--- Data to examine Enclosed Below ---
(* The module $\mathbb W_1^{\otimes m}$ is generated by its degree-zero part $V^{\otimes m}$ as a $U(\mathfrak p)$-module.
   Context: Fix integers $\ell>1$, $n\ge m\ge1$; $\lceil i/n\rceil$ is the block index of $1\le i\le n\ell$. $E_{ij}$ are matrix units of $\mathfrak{gl}(n\ell)$; $\mathfrak p\subset\mathfrak{gl}(n\ell)\otimes\mathbb C[z]$ is the Lie subalgebra spanned by the $E_{ij}\otimes z^k$ ($k\ge0$) with $\lceil i/n\rceil-\lceil j/n\rceil+k\equiv0\pmod\ell$. Let $V=\mathbb C^{n\ell}$ and $\mathbb W_1=V\otimes\mathbb C[z]$ (graded by $z$-degree) with the natural action of $\mathfrak{gl}(n\ell)\otimes\mathbb C[z]$ ($(\xi\otimes z^k)(v\otimes z^r)=\xi v\otimes z^{k+r}$); $\mathfrak p$ acts on $\mathbb W_1^{\otimes m}$ diagonally by restriction. *)

From HB Require Import structures.
From mathcomp Require Import all_boot all_order all_algebra.
Set Implicit Arguments. Unset Strict Implicit. Unset Printing Implicit Defensive.
Import GRing.Theory.
Local Open Scope ring_scope.

(* Basis of W_1^{(x) m} = (V (x) C[z])^{(x) m}, V = F^N (N = n*l):
   basis tensors (e_{i_1} z^{r_1}) (x) ... (x) (e_{i_m} z^{r_m}) are indexed
   by m-tuples of pairs (i, r), i : 'I_N (0-based), r : nat.
   A vector is a (finitely supported) coefficient function idx N m -> F. *)
Definition idx (N m : nat) : Type := (m.-tuple ('I_N * nat))%type.

Definition tset (T : Type) (m : nat) (t : m.-tuple T) (p : 'I_m) (x : T)
  : m.-tuple T := [tuple if q == p then x else tnth t q | q < m].

(* E_{ij} (x) z^k belongs to p iff  ceil(i/n) - ceil(j/n) + k = 0 mod l
   (1-based indices).  For 0-based i', j' one has ceil((i'+1)/n) = i'/n + 1,
   so the condition reads  i'/n + k = j'/n  (mod l). *)
Definition in_p (n l N : nat) (i j : 'I_N) (k : nat) : bool :=
  (i %/ n + k == j %/ n %[mod l])%N.

(* diagonal action of E_{ij} (x) z^k on W_1^{(x) m}, on coefficient functions:
   (E_{ij} z^k)(e_{j} z^r) = e_i z^{r+k}, and E_{ij} e_{j'} = 0 for j' <> j. *)
Definition act (F : fieldType) (N m : nat) (i j : 'I_N) (k : nat)
  (f : idx N m -> F) : idx N m -> F :=
  fun t => \sum_(p < m)
    (if ((tnth t p).1 == i) && (k <= (tnth t p).2)%N
     then f (tset t p (j, ((tnth t p).2 - k)%N)) else 0).

Definition degree0 (F : fieldType) (N m : nat) (f : idx N m -> F) : Prop :=
  forall t : idx N m, (exists p : 'I_m, (tnth t p).2 != 0%N) -> f t = 0.

Definition fin_supp (F : fieldType) (N m : nat) (f : idx N m -> F) : Prop :=
  exists s : seq (idx N m), forall t, t \notin s -> f t = 0.

(* the U(p)-submodule generated by V^{(x) m}: the smallest subspace containing
   V^{(x) m} and stable under the (spanning) elements E_{ij} (x) z^k of p *)
Inductive gen_deg0 (F : fieldType) (n l m : nat) : (idx (n * l) m -> F) -> Prop :=
  | gen_base (f : idx (n * l) m -> F) : degree0 f -> gen_deg0 f
  | gen_add (f g : idx (n * l) m -> F) : gen_deg0 f -> gen_deg0 g ->
      gen_deg0 (fun t => f t + g t)
  | gen_scale (c : F) (f : idx (n * l) m -> F) : gen_deg0 f ->
      gen_deg0 (fun t => c * f t)
  | gen_act (i j : 'I_(n * l)) (k : nat) (f : idx (n * l) m -> F) :
      in_p n l i j k -> gen_deg0 f -> gen_deg0 (act i j k f).
Arguments gen_deg0 {F} n l m _.

From HB Require Import structures.
From mathcomp Require Import all_boot all_order all_algebra.
From mathcomp Require Import zify.
From Stdlib Require Import FunctionalExtensionality.
Set Implicit Arguments.
Unset Strict Implicit.
Unset Printing Implicit Defensive.
Import GRing.Theory.

(* The basis tensors span, so it suffices to reach each of them, by induction
   on the total z-degree.  Given a basis tensor t whose factor at position p is
   e_i z^k with k > 0, choose an index j in the block (i/n + k) mod l that
   occurs at no other position; this is possible because the other m - 1 < n
   positions cannot exhaust the n indices of a block.  Then E_{ij} z^k lies in
   p, and applied to the tensor s obtained from t by replacing that factor with
   e_j it can only act at position p, so it maps s to t, while s has smaller
   total degree. *)

Lemma tnth_tset (T : Type) (m : nat) (t : m.-tuple T) (p : 'I_m) (x : T) q :
  tnth (tset t p x) q = if q == p then x else tnth t q.
Proof. by rewrite /tset tnth_mktuple. Qed.

Lemma tset_tnth (T : Type) (m : nat) (t : m.-tuple T) (p : 'I_m) :
  tset t p (tnth t p) = t.
Proof. by apply: eq_from_tnth => q; rewrite tnth_tset; case: eqP => [->|]. Qed.

Lemma tset_tset (T : Type) (m : nat) (t : m.-tuple T) (p : 'I_m) (x y : T) :
  tset (tset t p x) p y = tset t p y.
Proof. by apply: eq_from_tnth => q; rewrite !tnth_tset; case: eqP. Qed.

Definition delta (F : fieldType) (N m : nat) (s : idx N m) : idx N m -> F :=
  fun u => if u == s then 1%R else 0%R.

Lemma act_delta (F : fieldType) (N m : nat) (i j : 'I_N) (k : nat)
    (s : idx N m) (p : 'I_m) :
    tnth s p = (j, 0%N) -> (forall q, q != p -> (tnth s q).1 != j) ->
  act i j k (delta F s) = delta F (tset s p (i, k)).
Proof.
move=> sp sq; apply: functional_extensionality => u.
rewrite /act (bigD1 p) //= big1 ?addr0 => [|q qp]; last first.
  case: ifP => // _; rewrite /delta; case: eqP => // E.
  by move: (sq q qp); rewrite -E tnth_tset !eqxx.
rewrite /delta; have [->|neq] := eqVneq u (tset s p (i, k)).
  by rewrite tnth_tset !eqxx leqnn subnn tset_tset -sp tset_tnth eqxx.
case: ifP => // /andP [/eqP ui kr]; case: eqP => // E.
exfalso; move/eqP: neq; apply.
have up : tnth u p = (i, k).
  move/(congr1 (fun t => tnth t p)): E; rewrite tnth_tset eqxx sp => -[rk].
  by move: ui kr rk; case: (tnth u p) => a r /= -> kr rk; congr pair; lia.
by rewrite -up -E tset_tset tset_tnth.
Qed.

Lemma exists_notin_block (n l b : nat) (S : seq 'I_(n * l)) :
  (b < l)%N -> (size S < n)%N -> exists2 j : 'I_(n * l), j %/ n = b & j \notin S.
Proof.
move=> bl Sn.
have [x xb xS] : exists2 x, x \in iota (b * n) n & x \notin map val S.
  apply/hasP; apply: contraTT Sn => /hasPn inS; rewrite -leqNgt.
  have := uniq_leq_size (iota_uniq (b * n) n) (fun y yb => negbNE (inS y yb)).
  by rewrite size_iota size_map.
move: xb; rewrite mem_iota => /andP [bx xn].
have xl : (x < n * l)%N by have := leq_mul bl (leqnn n); rewrite mulSn; lia.
exists (Ordinal xl); last by apply: contra xS => jS; apply/mapP; exists (Ordinal xl).
by rewrite /= -(subnKC bx) divnMDl ?divn_small ?addn0 //; lia.
Qed.

Lemma exists_label_unused_elsewhere (n l m b : nat) (t : idx (n * l) m) (p : 'I_m) :
  (b < l)%N -> (m <= n)%N ->
  exists2 j : 'I_(n * l), j %/ n = b & forall q, q != p -> (tnth t q).1 != j.
Proof.
move=> bl mn; pose S := [seq (tnth t q).1 | q <- rem p (enum 'I_m)].
have [|j jb jS] := @exists_notin_block n l b S bl.
  rewrite size_map size_rem ?mem_enum // size_enum_ord.
  by move: (ltn_ord p); lia.
exists j => // q qp; apply: contra jS => /eqP <-; apply: map_f.
by rewrite (mem_rem_uniq _ (enum_uniq _)) inE qp mem_enum.
Qed.

Definition zdeg (N m : nat) (t : idx N m) : nat := \sum_(p < m) (tnth t p).2.

Lemma zdeg_tset (N m : nat) (t : idx N m) (p : 'I_m) (x : 'I_N * nat) :
  (zdeg (tset t p x) + (tnth t p).2 = zdeg t + x.2)%N.
Proof.
rewrite /zdeg (bigD1 p) //= [X in (_ = X + _)%N](bigD1 p) //= tnth_tset eqxx.
rewrite (eq_bigr (fun q => (tnth t q).2)) => [|q /negbTE qp]; last first.
  by rewrite tnth_tset qp.
lia.
Qed.

Lemma gen_deg0_delta (F : fieldType) (l n m : nat) (t : idx (n * l) m) :
  (0 < l)%N -> (m <= n)%N -> gen_deg0 n l m (delta F t).
Proof.
move=> l0 mn; elim: {t}(zdeg t).+1 {-2}t (ltnSn (zdeg t)) => // d IH t td.
have [p kp|deg0] := pickP (fun p : 'I_m => (tnth t p).2 != 0%N); last first.
  apply: gen_base => u [q uq]; rewrite /delta; case: eqP => // ut.
  by move: (deg0 q); rewrite -ut uq.
case tp: (tnth t p) kp => [i k] /= kp.
have [j jb jt] := exists_label_unused_elsewhere t p (ltn_pmod (i %/ n + k) l0) mn.
pose s := tset t p (j, 0%N).
have -> : t = tset s p (i, k) by rewrite tset_tset -tp tset_tnth.
rewrite -(@act_delta F _ _ i j k s p); first last.
- by move=> q qp; rewrite tnth_tset (negbTE qp) jt.
- by rewrite tnth_tset eqxx.
apply: gen_act; first by rewrite /in_p jb modn_mod.
by apply: IH; have := zdeg_tset t p (j, 0%N); rewrite -/s tp /=; lia.
Qed.

Lemma gen_deg0_fin_supp (F : fieldType) (l n m : nat) (f : idx (n * l) m -> F) :
  (forall t, gen_deg0 n l m (delta F t)) -> fin_supp f -> gen_deg0 n l m f.
Proof.
move=> gen_delta [s]; elim: s f => [|u s IH] f fs.
  by apply: gen_base => t _; apply: fs.
have -> : f = (fun t => f u * delta F u t + (f t - f u * delta F u t))%R.
  by apply: functional_extensionality => t; rewrite addrC subrK.
apply: gen_add; first exact: gen_scale.
apply: IH => t ts; rewrite /delta; case: eqP => [->|tu].
  by rewrite mulr1 subrr.
by rewrite mulr0 subr0 fs // in_cons negb_or ts andbT; apply/eqP.
Qed.

Theorem proposition2p3 (F : fieldType) (hF : [pchar F]%R =i pred0)
  (l n m : nat) (hl : (1 < l)%N) (hmn : (1 <= m <= n)%N)
  (f : idx (n * l) m -> F) :
  fin_supp f -> gen_deg0 n l m f.
Proof.
case/andP: hmn => _ mn; apply: gen_deg0_fin_supp => t.
by apply: gen_deg0_delta; first exact: ltnW.
Qed.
--- End of Enclosed Data to examine ---
- _Goal of the exercise_: The output should be exactly the lines above from the line containing "have [p kp|deg0]" to the line containing "Lemma gen_deg0_fin_supp (F", inclusive, with no other lines.

- _Task result_:
have [p kp|deg0] := pickP (fun p : 'I_m => (tnth t p).2 != 0%N); last first.
  apply: gen_base => u [q uq]; rewrite /delta; case: eqP => // ut.
  by move: (deg0 q); rewrite -ut uq.
case tp: (tnth t p) kp => [i k] /= kp.
have [j jb jt] := exists_label_unused_elsewhere t p (ltn_pmod (i %/ n + k) l0) mn.
pose s := tset t p (j, 0%N).
have -> : t = tset s p (i, k) by rewrite tset_tset -tp tset_tnth.
rewrite -(@act_delta F _ _ i j k s p); first last.
- by move=> q qp; rewrite tnth_tset (negbTE qp) jt.
- by rewrite tnth_tset eqxx.
apply: gen_act; first by rewrite /in_p jb modn_mod.
by apply: IH; have := zdeg_tset t p (j, 0%N); rewrite -/s tp /=; lia.
Qed.

Lemma gen_deg0_fin_supp (F : fieldType) (l n m : nat) (f : idx (n * l) m -> F) :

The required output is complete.